▶ _Data shown_:
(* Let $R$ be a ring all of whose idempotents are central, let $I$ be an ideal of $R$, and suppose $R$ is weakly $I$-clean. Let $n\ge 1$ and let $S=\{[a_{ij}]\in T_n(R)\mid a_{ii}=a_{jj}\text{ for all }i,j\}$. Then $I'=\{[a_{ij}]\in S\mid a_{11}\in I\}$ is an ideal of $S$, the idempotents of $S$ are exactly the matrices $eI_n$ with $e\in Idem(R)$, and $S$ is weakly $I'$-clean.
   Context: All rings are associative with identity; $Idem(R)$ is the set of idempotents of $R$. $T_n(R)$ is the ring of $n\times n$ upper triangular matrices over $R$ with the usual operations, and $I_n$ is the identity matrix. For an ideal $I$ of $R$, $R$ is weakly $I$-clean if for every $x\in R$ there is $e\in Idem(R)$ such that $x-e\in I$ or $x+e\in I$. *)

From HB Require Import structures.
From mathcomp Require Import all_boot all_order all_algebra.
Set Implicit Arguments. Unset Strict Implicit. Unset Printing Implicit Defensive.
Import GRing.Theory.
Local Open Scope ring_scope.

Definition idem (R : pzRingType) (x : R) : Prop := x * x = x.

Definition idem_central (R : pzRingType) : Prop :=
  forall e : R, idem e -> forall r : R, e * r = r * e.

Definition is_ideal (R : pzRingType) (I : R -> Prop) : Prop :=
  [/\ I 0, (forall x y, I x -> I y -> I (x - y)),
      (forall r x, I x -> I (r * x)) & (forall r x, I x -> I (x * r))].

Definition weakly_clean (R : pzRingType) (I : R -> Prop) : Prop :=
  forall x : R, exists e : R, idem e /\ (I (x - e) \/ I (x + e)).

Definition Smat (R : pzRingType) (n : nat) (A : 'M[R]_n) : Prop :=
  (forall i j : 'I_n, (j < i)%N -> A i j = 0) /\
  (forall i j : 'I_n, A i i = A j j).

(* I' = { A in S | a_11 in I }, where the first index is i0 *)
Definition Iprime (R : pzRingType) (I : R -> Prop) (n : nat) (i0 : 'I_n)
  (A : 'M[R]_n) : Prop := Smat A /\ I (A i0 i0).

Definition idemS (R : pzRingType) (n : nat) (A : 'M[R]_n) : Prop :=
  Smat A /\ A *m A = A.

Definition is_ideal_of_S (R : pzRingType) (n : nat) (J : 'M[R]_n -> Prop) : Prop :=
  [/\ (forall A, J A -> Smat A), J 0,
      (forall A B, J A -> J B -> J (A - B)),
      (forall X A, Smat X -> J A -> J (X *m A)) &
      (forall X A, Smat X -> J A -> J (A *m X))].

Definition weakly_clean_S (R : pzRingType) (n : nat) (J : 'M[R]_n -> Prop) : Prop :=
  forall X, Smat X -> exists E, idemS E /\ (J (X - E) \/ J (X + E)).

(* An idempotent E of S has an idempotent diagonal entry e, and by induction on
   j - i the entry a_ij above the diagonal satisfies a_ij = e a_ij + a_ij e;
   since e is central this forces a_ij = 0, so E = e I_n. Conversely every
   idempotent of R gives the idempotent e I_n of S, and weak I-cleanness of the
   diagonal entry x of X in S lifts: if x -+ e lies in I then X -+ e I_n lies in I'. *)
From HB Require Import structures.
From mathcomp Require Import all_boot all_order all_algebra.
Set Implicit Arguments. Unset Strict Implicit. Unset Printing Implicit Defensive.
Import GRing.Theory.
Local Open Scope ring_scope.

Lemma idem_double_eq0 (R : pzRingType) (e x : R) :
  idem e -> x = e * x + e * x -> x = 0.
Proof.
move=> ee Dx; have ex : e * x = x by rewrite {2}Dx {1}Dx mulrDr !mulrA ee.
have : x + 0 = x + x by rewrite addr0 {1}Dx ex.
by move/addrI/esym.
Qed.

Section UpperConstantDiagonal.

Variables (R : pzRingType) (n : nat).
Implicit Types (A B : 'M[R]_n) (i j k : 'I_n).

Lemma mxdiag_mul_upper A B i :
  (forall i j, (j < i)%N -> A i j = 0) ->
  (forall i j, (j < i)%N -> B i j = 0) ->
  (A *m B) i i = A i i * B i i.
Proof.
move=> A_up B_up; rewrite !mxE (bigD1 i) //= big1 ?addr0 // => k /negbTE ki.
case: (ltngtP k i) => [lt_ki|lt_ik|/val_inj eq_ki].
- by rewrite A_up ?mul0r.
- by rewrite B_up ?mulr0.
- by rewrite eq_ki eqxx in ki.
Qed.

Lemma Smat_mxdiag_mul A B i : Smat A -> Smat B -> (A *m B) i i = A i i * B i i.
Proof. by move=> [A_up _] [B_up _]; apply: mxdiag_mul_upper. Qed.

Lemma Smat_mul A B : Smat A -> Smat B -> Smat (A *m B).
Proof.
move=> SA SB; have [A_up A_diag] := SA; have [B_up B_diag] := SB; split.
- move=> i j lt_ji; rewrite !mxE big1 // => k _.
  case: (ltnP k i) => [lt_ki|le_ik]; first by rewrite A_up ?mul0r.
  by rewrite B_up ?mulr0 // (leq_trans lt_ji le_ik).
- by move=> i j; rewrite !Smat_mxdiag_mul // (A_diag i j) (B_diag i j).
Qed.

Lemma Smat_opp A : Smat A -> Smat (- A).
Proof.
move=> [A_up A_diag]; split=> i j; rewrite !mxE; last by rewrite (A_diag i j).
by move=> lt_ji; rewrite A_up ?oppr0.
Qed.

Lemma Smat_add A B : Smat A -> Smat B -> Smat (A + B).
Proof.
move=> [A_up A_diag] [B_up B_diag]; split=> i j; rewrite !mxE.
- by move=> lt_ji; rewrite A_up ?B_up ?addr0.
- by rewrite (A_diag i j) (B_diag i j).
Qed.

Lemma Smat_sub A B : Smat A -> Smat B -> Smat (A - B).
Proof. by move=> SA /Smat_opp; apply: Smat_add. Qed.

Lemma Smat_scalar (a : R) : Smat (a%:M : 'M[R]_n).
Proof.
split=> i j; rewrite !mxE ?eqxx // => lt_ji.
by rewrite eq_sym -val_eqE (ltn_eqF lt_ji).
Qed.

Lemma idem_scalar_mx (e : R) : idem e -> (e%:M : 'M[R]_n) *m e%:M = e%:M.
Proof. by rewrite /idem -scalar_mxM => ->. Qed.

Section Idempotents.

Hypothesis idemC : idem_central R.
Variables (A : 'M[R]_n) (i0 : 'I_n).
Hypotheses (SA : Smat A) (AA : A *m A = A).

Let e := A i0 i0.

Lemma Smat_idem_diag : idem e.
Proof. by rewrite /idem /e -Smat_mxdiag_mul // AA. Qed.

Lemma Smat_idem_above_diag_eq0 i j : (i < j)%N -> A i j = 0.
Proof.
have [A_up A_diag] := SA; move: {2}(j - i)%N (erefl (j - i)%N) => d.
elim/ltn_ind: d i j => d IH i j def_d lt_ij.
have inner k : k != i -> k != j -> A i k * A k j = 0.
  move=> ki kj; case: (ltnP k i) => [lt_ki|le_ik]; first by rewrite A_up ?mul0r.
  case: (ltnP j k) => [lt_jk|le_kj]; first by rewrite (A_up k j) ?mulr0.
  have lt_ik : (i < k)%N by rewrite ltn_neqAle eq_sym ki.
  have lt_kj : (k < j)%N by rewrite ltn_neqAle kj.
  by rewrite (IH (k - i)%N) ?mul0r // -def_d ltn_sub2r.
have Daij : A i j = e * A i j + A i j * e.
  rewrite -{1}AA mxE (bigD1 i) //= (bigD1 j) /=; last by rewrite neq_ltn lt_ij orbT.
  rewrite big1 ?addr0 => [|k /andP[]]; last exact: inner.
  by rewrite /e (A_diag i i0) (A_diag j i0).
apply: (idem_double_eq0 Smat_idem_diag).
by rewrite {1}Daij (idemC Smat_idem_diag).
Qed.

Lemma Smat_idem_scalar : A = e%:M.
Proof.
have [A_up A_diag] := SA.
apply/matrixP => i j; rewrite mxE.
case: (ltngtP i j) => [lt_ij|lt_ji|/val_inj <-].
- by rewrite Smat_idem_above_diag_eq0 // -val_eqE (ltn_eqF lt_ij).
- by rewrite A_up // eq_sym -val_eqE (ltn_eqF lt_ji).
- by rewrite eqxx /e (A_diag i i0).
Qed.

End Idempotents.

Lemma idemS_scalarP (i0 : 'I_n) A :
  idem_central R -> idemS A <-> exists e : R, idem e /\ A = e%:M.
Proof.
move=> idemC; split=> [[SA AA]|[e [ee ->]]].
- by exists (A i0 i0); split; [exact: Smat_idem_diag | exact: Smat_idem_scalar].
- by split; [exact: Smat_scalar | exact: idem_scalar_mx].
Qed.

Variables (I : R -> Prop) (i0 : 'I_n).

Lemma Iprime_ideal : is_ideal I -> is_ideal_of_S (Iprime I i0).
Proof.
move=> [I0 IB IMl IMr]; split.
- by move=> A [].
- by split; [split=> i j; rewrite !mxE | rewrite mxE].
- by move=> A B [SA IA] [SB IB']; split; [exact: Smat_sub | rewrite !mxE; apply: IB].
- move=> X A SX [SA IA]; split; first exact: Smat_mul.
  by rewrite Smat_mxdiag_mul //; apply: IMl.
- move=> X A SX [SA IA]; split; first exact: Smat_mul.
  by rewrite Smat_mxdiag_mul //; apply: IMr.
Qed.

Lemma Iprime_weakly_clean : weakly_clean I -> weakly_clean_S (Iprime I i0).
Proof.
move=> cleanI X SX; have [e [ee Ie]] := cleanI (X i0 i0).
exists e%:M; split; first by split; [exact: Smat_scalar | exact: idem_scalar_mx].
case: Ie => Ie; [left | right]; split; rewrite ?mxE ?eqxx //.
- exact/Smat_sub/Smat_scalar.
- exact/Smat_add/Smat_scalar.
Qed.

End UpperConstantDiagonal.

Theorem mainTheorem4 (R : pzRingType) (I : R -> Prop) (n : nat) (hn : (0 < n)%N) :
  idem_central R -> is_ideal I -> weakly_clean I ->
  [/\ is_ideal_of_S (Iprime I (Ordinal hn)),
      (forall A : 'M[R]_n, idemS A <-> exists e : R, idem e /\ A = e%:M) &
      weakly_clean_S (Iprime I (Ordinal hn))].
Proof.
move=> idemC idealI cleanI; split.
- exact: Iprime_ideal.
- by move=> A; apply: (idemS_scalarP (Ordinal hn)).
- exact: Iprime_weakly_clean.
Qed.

==

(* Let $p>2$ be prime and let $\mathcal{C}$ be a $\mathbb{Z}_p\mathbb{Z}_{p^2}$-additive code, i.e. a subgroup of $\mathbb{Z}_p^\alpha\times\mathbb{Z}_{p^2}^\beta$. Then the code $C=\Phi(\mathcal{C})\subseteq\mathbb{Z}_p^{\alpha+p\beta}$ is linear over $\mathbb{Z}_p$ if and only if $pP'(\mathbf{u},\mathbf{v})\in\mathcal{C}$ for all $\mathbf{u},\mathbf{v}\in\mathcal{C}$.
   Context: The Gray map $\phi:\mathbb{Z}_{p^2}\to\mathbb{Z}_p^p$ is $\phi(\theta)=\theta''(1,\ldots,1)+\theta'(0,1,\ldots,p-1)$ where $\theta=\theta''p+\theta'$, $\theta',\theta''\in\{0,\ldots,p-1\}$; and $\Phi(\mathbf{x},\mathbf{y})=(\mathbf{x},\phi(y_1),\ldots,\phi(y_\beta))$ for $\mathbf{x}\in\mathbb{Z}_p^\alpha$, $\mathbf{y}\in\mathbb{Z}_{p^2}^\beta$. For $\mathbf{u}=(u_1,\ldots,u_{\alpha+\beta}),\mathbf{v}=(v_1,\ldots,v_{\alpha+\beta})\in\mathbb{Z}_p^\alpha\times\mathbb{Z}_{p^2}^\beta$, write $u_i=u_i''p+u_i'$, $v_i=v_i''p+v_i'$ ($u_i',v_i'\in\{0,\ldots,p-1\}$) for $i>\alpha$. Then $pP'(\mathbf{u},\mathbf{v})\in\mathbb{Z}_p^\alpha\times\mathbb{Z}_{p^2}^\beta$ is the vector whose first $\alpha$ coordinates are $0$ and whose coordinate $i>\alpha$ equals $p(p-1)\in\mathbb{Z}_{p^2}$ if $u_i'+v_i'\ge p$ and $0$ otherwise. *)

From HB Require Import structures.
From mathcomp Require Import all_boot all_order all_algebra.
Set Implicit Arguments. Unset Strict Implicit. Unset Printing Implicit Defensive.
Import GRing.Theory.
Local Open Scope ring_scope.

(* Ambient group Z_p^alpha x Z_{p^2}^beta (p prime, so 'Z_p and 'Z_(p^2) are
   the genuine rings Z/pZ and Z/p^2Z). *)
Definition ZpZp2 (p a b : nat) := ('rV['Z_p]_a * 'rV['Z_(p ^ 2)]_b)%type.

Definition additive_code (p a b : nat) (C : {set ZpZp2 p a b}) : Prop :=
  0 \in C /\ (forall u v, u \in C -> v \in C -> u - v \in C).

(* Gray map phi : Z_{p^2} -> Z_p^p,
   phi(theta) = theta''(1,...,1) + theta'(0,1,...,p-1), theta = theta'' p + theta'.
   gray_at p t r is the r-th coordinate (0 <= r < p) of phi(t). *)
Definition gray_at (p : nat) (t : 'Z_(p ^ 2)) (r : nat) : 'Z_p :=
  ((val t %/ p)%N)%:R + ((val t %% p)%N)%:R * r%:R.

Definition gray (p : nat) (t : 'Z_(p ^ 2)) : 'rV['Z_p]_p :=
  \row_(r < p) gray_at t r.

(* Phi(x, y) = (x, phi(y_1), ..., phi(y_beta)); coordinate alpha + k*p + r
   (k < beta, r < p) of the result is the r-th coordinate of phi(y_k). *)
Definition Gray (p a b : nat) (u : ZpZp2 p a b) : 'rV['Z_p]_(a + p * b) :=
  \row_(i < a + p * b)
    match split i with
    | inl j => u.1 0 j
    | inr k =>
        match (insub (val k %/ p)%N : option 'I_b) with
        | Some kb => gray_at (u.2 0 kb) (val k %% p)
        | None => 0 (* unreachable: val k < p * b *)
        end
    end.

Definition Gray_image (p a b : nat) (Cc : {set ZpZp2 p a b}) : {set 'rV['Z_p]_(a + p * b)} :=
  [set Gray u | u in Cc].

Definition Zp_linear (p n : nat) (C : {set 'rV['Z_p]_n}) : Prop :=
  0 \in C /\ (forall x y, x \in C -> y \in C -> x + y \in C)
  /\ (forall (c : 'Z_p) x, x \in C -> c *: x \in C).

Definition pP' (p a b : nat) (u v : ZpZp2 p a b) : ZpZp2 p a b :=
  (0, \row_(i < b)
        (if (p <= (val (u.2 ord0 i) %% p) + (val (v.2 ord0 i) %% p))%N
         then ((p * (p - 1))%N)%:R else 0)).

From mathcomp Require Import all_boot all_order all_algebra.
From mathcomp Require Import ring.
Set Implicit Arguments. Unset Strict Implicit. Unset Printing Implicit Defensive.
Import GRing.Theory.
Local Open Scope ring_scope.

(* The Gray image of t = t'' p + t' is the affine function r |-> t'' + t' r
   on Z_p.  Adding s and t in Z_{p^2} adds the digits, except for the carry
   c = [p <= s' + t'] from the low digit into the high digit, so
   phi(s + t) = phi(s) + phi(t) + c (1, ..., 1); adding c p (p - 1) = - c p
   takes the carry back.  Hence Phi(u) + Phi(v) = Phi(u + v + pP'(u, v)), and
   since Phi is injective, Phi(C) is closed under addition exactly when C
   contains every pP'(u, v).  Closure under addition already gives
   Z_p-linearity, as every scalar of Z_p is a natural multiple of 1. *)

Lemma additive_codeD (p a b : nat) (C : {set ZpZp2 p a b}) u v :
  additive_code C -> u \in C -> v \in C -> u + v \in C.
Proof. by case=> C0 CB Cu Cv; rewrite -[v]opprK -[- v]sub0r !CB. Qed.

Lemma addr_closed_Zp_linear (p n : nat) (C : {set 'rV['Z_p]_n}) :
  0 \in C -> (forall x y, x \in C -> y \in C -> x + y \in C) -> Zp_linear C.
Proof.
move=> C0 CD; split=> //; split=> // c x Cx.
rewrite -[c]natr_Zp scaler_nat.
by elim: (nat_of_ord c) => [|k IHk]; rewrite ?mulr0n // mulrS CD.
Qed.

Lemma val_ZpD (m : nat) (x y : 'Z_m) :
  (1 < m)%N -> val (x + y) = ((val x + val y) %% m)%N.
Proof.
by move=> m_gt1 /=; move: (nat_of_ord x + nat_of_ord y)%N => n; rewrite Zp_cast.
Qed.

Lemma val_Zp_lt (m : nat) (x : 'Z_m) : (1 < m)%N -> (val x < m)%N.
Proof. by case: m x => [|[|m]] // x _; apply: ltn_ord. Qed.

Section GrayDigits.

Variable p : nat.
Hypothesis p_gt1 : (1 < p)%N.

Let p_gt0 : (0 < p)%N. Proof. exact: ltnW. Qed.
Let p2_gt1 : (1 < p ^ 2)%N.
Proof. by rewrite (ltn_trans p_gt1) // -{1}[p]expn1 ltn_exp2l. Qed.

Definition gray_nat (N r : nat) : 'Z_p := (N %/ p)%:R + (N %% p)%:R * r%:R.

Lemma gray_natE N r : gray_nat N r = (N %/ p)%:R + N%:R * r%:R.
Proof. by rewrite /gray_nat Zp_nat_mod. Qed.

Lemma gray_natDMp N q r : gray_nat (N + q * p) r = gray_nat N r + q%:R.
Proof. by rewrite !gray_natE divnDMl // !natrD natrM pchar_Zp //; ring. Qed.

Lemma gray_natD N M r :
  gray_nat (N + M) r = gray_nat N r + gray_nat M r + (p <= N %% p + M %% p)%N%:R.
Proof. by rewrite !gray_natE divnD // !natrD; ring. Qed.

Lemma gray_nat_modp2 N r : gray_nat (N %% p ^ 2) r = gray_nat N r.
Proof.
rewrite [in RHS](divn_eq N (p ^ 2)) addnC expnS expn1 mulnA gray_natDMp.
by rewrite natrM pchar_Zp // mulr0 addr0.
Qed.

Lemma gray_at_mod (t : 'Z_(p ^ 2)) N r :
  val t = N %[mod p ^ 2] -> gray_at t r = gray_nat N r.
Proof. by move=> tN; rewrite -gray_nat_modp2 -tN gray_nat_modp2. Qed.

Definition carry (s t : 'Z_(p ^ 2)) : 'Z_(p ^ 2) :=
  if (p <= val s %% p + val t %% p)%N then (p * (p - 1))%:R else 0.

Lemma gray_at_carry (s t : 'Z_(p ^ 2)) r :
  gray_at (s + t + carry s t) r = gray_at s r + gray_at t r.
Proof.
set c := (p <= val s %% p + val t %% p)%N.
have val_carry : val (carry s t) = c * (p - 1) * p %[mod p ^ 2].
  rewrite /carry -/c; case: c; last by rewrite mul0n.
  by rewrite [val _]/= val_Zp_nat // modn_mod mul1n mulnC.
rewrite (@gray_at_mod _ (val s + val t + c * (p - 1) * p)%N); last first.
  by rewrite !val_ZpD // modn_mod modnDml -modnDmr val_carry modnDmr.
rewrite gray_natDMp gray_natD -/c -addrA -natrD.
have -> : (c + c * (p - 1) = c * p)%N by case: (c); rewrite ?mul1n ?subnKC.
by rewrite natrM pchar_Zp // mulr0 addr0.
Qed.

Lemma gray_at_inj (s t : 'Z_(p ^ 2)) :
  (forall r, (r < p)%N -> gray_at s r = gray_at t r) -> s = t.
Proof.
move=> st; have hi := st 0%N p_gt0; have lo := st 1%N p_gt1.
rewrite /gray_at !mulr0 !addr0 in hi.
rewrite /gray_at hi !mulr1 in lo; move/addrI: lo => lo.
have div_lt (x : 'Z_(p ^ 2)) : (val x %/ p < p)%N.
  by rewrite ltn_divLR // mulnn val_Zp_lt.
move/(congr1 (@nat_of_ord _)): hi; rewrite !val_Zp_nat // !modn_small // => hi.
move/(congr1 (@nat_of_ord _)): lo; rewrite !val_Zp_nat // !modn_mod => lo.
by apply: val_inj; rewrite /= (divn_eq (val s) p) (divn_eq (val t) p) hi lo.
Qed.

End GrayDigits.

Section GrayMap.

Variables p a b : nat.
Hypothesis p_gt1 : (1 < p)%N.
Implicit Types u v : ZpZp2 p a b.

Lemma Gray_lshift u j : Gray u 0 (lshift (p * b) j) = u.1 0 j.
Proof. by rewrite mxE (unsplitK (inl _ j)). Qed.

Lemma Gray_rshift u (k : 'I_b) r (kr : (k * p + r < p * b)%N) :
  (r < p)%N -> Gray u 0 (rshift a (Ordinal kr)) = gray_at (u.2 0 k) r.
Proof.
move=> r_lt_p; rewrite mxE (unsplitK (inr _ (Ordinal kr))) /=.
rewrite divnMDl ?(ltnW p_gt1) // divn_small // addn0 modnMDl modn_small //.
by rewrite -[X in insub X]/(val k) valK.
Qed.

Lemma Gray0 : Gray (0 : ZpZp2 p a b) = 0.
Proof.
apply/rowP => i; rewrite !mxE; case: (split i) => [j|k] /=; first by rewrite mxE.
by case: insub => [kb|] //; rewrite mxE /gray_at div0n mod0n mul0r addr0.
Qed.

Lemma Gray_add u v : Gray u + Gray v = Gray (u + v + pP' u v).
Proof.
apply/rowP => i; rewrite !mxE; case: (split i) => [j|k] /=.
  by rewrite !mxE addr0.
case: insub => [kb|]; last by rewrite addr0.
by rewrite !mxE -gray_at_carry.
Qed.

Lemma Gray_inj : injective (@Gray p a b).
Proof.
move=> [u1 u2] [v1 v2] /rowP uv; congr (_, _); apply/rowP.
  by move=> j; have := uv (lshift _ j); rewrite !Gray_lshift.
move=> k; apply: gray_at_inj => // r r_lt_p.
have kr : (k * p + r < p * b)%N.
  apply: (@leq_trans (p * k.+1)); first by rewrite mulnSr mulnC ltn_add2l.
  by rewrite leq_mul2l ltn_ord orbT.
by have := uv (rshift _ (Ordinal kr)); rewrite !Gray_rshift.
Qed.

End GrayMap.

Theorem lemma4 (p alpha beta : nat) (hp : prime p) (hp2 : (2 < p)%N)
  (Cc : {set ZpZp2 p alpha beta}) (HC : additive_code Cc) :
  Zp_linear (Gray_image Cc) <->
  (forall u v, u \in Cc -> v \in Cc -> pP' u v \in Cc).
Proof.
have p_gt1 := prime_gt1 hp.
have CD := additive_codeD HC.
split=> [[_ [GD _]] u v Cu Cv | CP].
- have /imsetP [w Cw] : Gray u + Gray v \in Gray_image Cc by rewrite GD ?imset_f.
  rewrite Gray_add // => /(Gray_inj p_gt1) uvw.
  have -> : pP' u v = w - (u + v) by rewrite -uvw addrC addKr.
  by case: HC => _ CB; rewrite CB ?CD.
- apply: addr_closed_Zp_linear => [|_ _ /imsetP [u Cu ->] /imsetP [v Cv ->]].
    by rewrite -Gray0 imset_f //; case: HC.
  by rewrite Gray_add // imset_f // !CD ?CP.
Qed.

--

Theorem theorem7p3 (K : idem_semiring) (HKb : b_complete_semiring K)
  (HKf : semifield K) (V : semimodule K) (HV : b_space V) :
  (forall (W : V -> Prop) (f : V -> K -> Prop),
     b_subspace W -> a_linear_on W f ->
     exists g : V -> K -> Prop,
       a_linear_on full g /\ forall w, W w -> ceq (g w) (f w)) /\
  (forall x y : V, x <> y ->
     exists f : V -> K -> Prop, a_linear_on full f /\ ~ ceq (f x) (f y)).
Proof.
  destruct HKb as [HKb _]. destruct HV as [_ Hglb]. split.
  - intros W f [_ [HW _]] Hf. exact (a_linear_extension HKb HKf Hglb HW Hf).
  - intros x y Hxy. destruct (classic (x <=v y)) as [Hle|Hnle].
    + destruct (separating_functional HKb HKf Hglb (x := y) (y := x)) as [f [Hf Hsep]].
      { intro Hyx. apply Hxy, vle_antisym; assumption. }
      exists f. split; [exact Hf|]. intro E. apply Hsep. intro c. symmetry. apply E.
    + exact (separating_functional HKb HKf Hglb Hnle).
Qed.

▶ _Assigned task_:
For each line of the data that includes the word "theta", return a copy of it.

▶ _Answer box_:
   Context: The Gray map $\phi:\mathbb{Z}_{p^2}\to\mathbb{Z}_p^p$ is $\phi(\theta)=\theta''(1,\ldots,1)+\theta'(0,1,\ldots,p-1)$ where $\theta=\theta''p+\theta'$, $\theta',\theta''\in\{0,\ldots,p-1\}$; and $\Phi(\mathbf{x},\mathbf{y})=(\mathbf{x},\phi(y_1),\ldots,\phi(y_\beta))$ for $\mathbf{x}\in\mathbb{Z}_p^\alpha$, $\mathbf{y}\in\mathbb{Z}_{p^2}^\beta$. For $\mathbf{u}=(u_1,\ldots,u_{\alpha+\beta}),\mathbf{v}=(v_1,\ldots,v_{\alpha+\beta})\in\mathbb{Z}_p^\alpha\times\mathbb{Z}_{p^2}^\beta$, write $u_i=u_i''p+u_i'$, $v_i=v_i''p+v_i'$ ($u_i',v_i'\in\{0,\ldots,p-1\}$) for $i>\alpha$. Then $pP'(\mathbf{u},\mathbf{v})\in\mathbb{Z}_p^\alpha\times\mathbb{Z}_{p^2}^\beta$ is the vector whose first $\alpha$ coordinates are $0$ and whose coordinate $i>\alpha$ equals $p(p-1)\in\mathbb{Z}_{p^2}$ if $u_i'+v_i'\ge p$ and $0$ otherwise. *)
   phi(theta) = theta''(1,...,1) + theta'(0,1,...,p-1), theta = theta'' p + theta'.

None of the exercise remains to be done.